National Cancer Institute المعهد القومي للأورام
- Type: Public
- Established: 1969
- Parent institution: Cairo University
- Dean: Prof. Dr. Mohamed Abdelmoaty Samra
- Address: Kasr Al Eini Street, Fom El Khalig, Cairo - Egypt, Cairo, Egypt
- Campus: Cairo
- Website: www.NCI.cu.edu.eg

= National Cancer Institute (Egypt) =

The National Cancer Institute of Egypt (Arabic : المعهد القومي للأورام) is an organization dedicated to treatment, management and developing a cure to cancer.

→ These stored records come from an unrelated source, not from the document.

(* For all integers $n\geq1$ and all $i,j\in\mathbb N$ the following polynomial identities hold: \begin{align*} U_{n+i}U_{n+j}-U_{n-1}U_{n+1+i+j}&=U_iU_j,\\ T_{n+i}T_{n+j}-T_{n-1}T_{n+1+i+j}&=(1-x^2)U_iU_j,\\ T_{n+i}U_{n+j}-U_{n-1}T_{n+1+i+j}&=T_iU_j,\\ T_{n+i}U_{n+j}-T_{n-1}U_{n+1+i+j}&=-U_iT_{j+2},\\ T_{n+i}T_{n+j}-(x^2-1)U_{n-1}U_{n-1+i+j}&=T_iT_j. \end{align*}
   Context: $T_n=T_n(x)$ and $U_n=U_n(x)$ denote the Chebyshev polynomials of the first and second kind, defined by $T_0=1$, $T_1=x$, $T_{n+1}=2xT_n-T_{n-1}$ and $U_0=1$, $U_1=2x$, $U_{n+1}=2xU_n-U_{n-1}$ for $n\geq1$. *)

From mathcomp Require Import all_boot all_algebra.
Set Implicit Arguments. Unset Strict Implicit. Unset Printing Implicit Defensive.
Import GRing.Theory.
Local Open Scope ring_scope.

(* Chebyshev polynomials in {poly R}, R any commutative ring.
   cheb_pair a b n = (P_n, P_{n+1}) for the recurrence P_{n+2} = 2X P_{n+1} - P_n
   with P_0 = a, P_1 = b. *)
Fixpoint cheb_pair (R : comRingType) (a b : {poly R}) (n : nat) : {poly R} * {poly R} :=
  match n with
  | O => (a, b)
  | S m => let p := cheb_pair a b m in (p.2, 2%:R *: 'X * p.2 - p.1)
  end.

Definition chebT (R : comRingType) (n : nat) : {poly R} := (cheb_pair 1 'X n).1.
Definition chebU (R : comRingType) (n : nat) : {poly R} := (cheb_pair 1 (2%:R *: 'X) n).1.

(* For solutions a, b of x_(k+2) = c x_(k+1) - x_k, the quantity
   a_(r+k) b_(r+l) - a_r b_(r+k+l) does not depend on r: its increment in r
   solves the recurrence in k and vanishes at k = 0, 1.  This reduces the
   identities to n = 1 (the last one after writing T through U), where both
   sides solve the recurrence in i and in j separately, so they agree as soon
   as they agree for i, j in {0, 1}. *)

From mathcomp Require Import all_boot all_algebra.
From mathcomp Require Import ring zify.
Set Implicit Arguments.
Unset Strict Implicit.
Unset Printing Implicit Defensive.
Import GRing.Theory.
Local Open Scope ring_scope.

Section Recurrence.
Variables (R : comPzRingType) (c : R).

Definition cheb_rec (f : nat -> R) := forall k, f k.+2 = c * f k.+1 - f k.

Lemma cheb_rec_eq (f g : nat -> R) : cheb_rec f -> cheb_rec g ->
  f 0 = g 0 -> f 1 = g 1 -> forall k, f k = g k.
Proof.
move=> hf hg e0 e1 k; suff [] : f k = g k /\ f k.+1 = g k.+1 by [].
elim: k => [|k [ek ek1]]; first by [].
by split; rewrite // hf hg ek ek1.
Qed.

Lemma cheb_rec2_eq (F G : nat -> nat -> R) :
  (forall j, cheb_rec (F^~ j)) -> (forall i, cheb_rec (F i)) ->
  (forall j, cheb_rec (G^~ j)) -> (forall i, cheb_rec (G i)) ->
  F 0 0 = G 0 0 -> F 0 1 = G 0 1 -> F 1 0 = G 1 0 -> F 1 1 = G 1 1 ->
  forall i j, F i j = G i j.
Proof.
move=> hFi hFj hGi hGj e00 e01 e10 e11 i j; move: i.
apply: (cheb_rec_eq (hFi j) (hGi j)).
- exact: (cheb_rec_eq (hFj 0) (hGj 0)).
- exact: (cheb_rec_eq (hFj 1) (hGj 1)).
Qed.

Variables (a b : nat -> R).
Hypotheses (ha : cheb_rec a) (hb : cheb_rec b).

Lemma cheb_rec_shift r k l :
  a (r + k) * b (r + l) - a r * b (r + k + l) = a k * b l - a 0 * b (k + l).
Proof.
elim: r => [|r IHr]; first by rewrite !add0n.
rewrite -{}IHr; move: k; apply: cheb_rec_eq => [k|k||] /=;
  rewrite ?addn0 ?addn1 !(addSn, addnS) ?ha ?hb; ring.
Qed.

Lemma cheb_rec_shift_pred n i j : (0 < n)%N ->
  a (n + i) * b (n + j) - a n.-1 * b (n + 1 + i + j) =
  a i.+1 * b j.+1 - a 0 * b (i + j).+2.
Proof.
case: n => // r _.
rewrite [(i + j).+2](_ : _ = i.+1 + j.+1)%N; last by rewrite addSn addnS.
rewrite -(cheb_rec_shift r) /= !addSnnS; congr (_ - _ * b _); lia.
Qed.

End Recurrence.

Section Chebyshev.
Context {R : comNzRingType}.
Local Notation T := (@chebT R).
Local Notation U := (@chebU R).

Lemma chebT_rec : cheb_rec (2%:R * 'X) T.
Proof. by move=> k; rewrite /chebT /= -mul_polyC polyC_natr. Qed.

Lemma chebU_rec : cheb_rec (2%:R * 'X) U.
Proof. by move=> k; rewrite /chebU /= -mul_polyC polyC_natr. Qed.

Lemma chebT0 : T 0 = 1. Proof. by []. Qed.
Lemma chebT1 : T 1 = 'X. Proof. by []. Qed.
Lemma chebU0 : U 0 = 1. Proof. by []. Qed.
Lemma chebU1 : U 1 = 2%:R * 'X.
Proof. by rewrite /chebU /= -mul_polyC polyC_natr. Qed.

Let chebE := (chebT_rec, chebU_rec, chebT0, chebT1, chebU0, chebU1).

Lemma chebT_succ k : T k.+1 = U k.+1 - 'X * U k.
Proof.
move: k; apply: (cheb_rec_eq (c := 2%:R * 'X)) => [k|k||] /=;
  rewrite ?chebE; ring.
Qed.

Lemma chebT_succ2 k : T k.+2 = 'X * T k.+1 + ('X ^+ 2 - 1) * U k.
Proof.
move: k; apply: (cheb_rec_eq (c := 2%:R * 'X)) => [k|k||] /=;
  rewrite ?chebE; ring.
Qed.

Local Ltac by_cheb_rec2 :=
  apply: (cheb_rec2_eq (c := 2%:R * 'X)) => [j k|i k|j k|i k||||] /=;
  rewrite ?(addSn, addnS) ?chebE; ring.

Lemma chebUU_succ i j : U i.+1 * U j.+1 - U (i + j).+2 = U i * U j.
Proof.
move: i j; by_cheb_rec2.
Qed.

Lemma chebTT_succ i j :
  T i.+1 * T j.+1 - T (i + j).+2 = (1 - 'X ^+ 2) * U i * U j.
Proof.
move: i j; by_cheb_rec2.
Qed.

Lemma chebUT_succ i j : U i.+1 * T j.+1 - T (i + j).+2 = U i * T j.
Proof.
move: i j; by_cheb_rec2.
Qed.

Lemma chebTU_succ i j : T i.+1 * U j.+1 - U (i + j).+2 = - (U i * T j.+2).
Proof.
move: i j; by_cheb_rec2.
Qed.

Lemma chebTT_pell_succ i j :
  T i.+1 * T j.+1 - ('X ^+ 2 - 1) * U (i + j) = T i * T j.
Proof.
move: i j; by_cheb_rec2.
Qed.

Lemma chebTT_pell_shift r i j :
  T (r.+1 + i) * T (r.+1 + j) - ('X ^+ 2 - 1) * U r * U (r + i + j) =
  T i.+1 * T j.+1 - ('X ^+ 2 - 1) * U (i + j).
Proof.
have mulTU l k : T (r + l) * U (r + k) = U r * T (r + k + l) + (U k * T l - T (k + l)).
  by have := cheb_rec_shift chebU_rec chebT_rec r k l; rewrite chebU0 mul1r => <-; ring.
rewrite [(r.+1 + j)%N]addSn chebT_succ -addSn !addSnnS mulrBr mulrCA !mulTU.
rewrite [T j.+1]chebT_succ !(addnS, addSn) !chebT_succ2 [(r + j + i)%N]addnAC [(j + i)%N]addnC.
ring.
Qed.

End Chebyshev.

Theorem theorem2p1 (R : comRingType) (n i j : nat) (hn : (1 <= n)%N) :
  let T := @chebT R in let U := @chebU R in
  [/\ U (n + i)%N * U (n + j)%N - U n.-1 * U (n + 1 + i + j)%N = U i * U j,
      T (n + i)%N * T (n + j)%N - T n.-1 * T (n + 1 + i + j)%N = (1 - 'X ^+ 2) * U i * U j,
      T (n + i)%N * U (n + j)%N - U n.-1 * T (n + 1 + i + j)%N = T i * U j,
      T (n + i)%N * U (n + j)%N - T n.-1 * U (n + 1 + i + j)%N = - (U i * T (j + 2)%N)
    & T (n + i)%N * T (n + j)%N - ('X ^+ 2 - 1) * U n.-1 * U (n - 1 + i + j)%N = T i * T j].
Proof.
move=> T U; rewrite {}/T {}/U; split.
- by rewrite (cheb_rec_shift_pred chebU_rec chebU_rec) // chebU0 mul1r chebUU_succ.
- by rewrite (cheb_rec_shift_pred chebT_rec chebT_rec) // chebT0 mul1r chebTT_succ.
- rewrite mulrC [(n + 1 + i + j)%N]addnAC.
  by rewrite (cheb_rec_shift_pred chebU_rec chebT_rec) // chebU0 mul1r chebUT_succ mulrC.
- by rewrite (cheb_rec_shift_pred chebT_rec chebU_rec) // chebT0 mul1r chebTU_succ addn2.
- by case: n hn => // r _; rewrite subn1 chebTT_pell_shift chebTT_pell_succ.
Qed.
(* For every simplicial complex $\Delta$ on a finite vertex set $[m]$ one has $\mathrm{Inc}(\mathcal{C}(\Delta))\subseteq\mathcal{C}(\mathrm{Inc}(\Delta))$.
   Context: $\mathbb{N}=\{1,2,3,\dots\}$, $[m]=\{1,\dots,m\}$. A simplicial complex on $[m]$ is a collection of subsets of $[m]$ closed under taking subsets. For $d\ge1$, $F_d(\Delta)$ is the set of $d$-element faces of $\Delta$, viewed in $\binom{\mathbb{N}}{d}$ (the $d$-subsets of $\mathbb{N}$, written $\mathbf{u}=(u_1,\dots,u_d)$ with $u_1<\cdots<u_d$). Squashed order: $\mathbf{u}<\mathbf{v}$ iff the largest element of the symmetric difference of $\mathbf u,\mathbf v$ lies in $\mathbf{v}$. For finite $\mathcal{F}\subseteq\binom{\mathbb{N}}{d}$, $\mathcal{C}(\mathcal{F})$ is the set of the $|\mathcal{F}|$ smallest elements of $\binom{\mathbb{N}}{d}$ in the squashed order; for a simplicial complex, $\mathcal{C}(\Delta)=\bigcup_{d\ge1}\mathcal{C}(F_d(\Delta))$ (together with the empty face). $\mathrm{Inc}_1$ is the set of maps $\pi\colon\mathbb{N}\to\mathbb{N}$ with $\pi(j)<\pi(j+1)$ and $\pi(j)\le j+1$ for all $j$, acting by $\pi(\mathbf{u})=(\pi(u_1),\ldots,\pi(u_d))$; $\mathrm{Inc}(\mathcal{F})=\{\pi(\mathbf{u})\mid\mathbf{u}\in\mathcal{F},\pi\in\mathrm{Inc}_1\}$ and $\mathrm{Inc}(\Delta)=\bigcup_{d\ge1}\mathrm{Inc}(F_d(\Delta))$ (together with the empty face). *)

From mathcomp Require Import all_boot.
Set Implicit Arguments. Unset Strict Implicit. Unset Printing Implicit Defensive.

(* A finite subset of N = {1,2,...} is represented canonically by the
   strictly increasing list of its elements (all >= 1). *)
Definition is_face (u : seq nat) : bool := sorted ltn u && all (fun x => 0 < x) u.

Definition dface (d : nat) (u : seq nat) : bool := is_face u && (size u == d).

(* Squashed order: u < v iff the largest element of the symmetric difference
   of u and v lies in v, i.e. there is x in v \ u such that u and v agree
   above x. *)
Definition sqlt (u v : seq nat) : bool :=
  has (fun x => (x \notin u) &&
         all (fun y => (y \in u) == (y \in v)) [seq y <- u ++ v | x < y]) v.

Definition has_card (P : seq nat -> Prop) (n : nat) : Prop :=
  exists s : seq (seq nat), uniq s /\ size s = n /\ forall x, P x <-> x \in s.

(* C(F) for a finite family F of d-subsets: the |F| smallest d-subsets of N in
   squashed order, i.e. those d-subsets v such that the number of d-subsets
   w <= v is at most |F|. *)
Definition Cd (d : nat) (F : seq nat -> Prop) (v : seq nat) : Prop :=
  dface d v /\
  exists n k, has_card F n /\
    has_card (fun w => dface d w /\ (w = v \/ sqlt w v)) k /\ k <= n.

(* Inc_1 : maps pi : N -> N with pi(j) < pi(j+1) and pi(j) <= j+1 for j in N
   (values on 0 are irrelevant). *)
Definition Inc1 (pi : nat -> nat) : Prop :=
  forall j, 0 < j -> [/\ 0 < pi j, pi j < pi j.+1 & pi j <= j.+1].

Definition IncF (F : seq nat -> Prop) (v : seq nat) : Prop :=
  exists u pi, F u /\ Inc1 pi /\ v = map pi u.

== Breast Cancer Hospital ==
Breast Cancer Hospital located in the first settlement. A suburb in New Cairo, is affiliated with the National Cancer Institute, Cairo University. The building was allocated by the state in 2010 after an increase in the number of women attending the institute, the process of operating and receiving patients began in 2013 to specialize in "Breast tumors, Radiation therapy and Mammography”. The hospital receives more than 250 patients per day and includes 80 beds, 3 operating rooms, intensive care beds. The hospital provides its services to all patients free of charge and receives all cases from all governorates at any stage of treatment.

==NCI Journal (JENCI)==
Produced and hosted on behalf of the National Cancer Institute, Cairo University, the Journal of the Egyptian National Cancer Institute aims at publishing original articles related to all fields of cancer in order to disperse up-to-date information to all medical personnel interested the cancer-related fields such as basic, applied and clinical cancer research.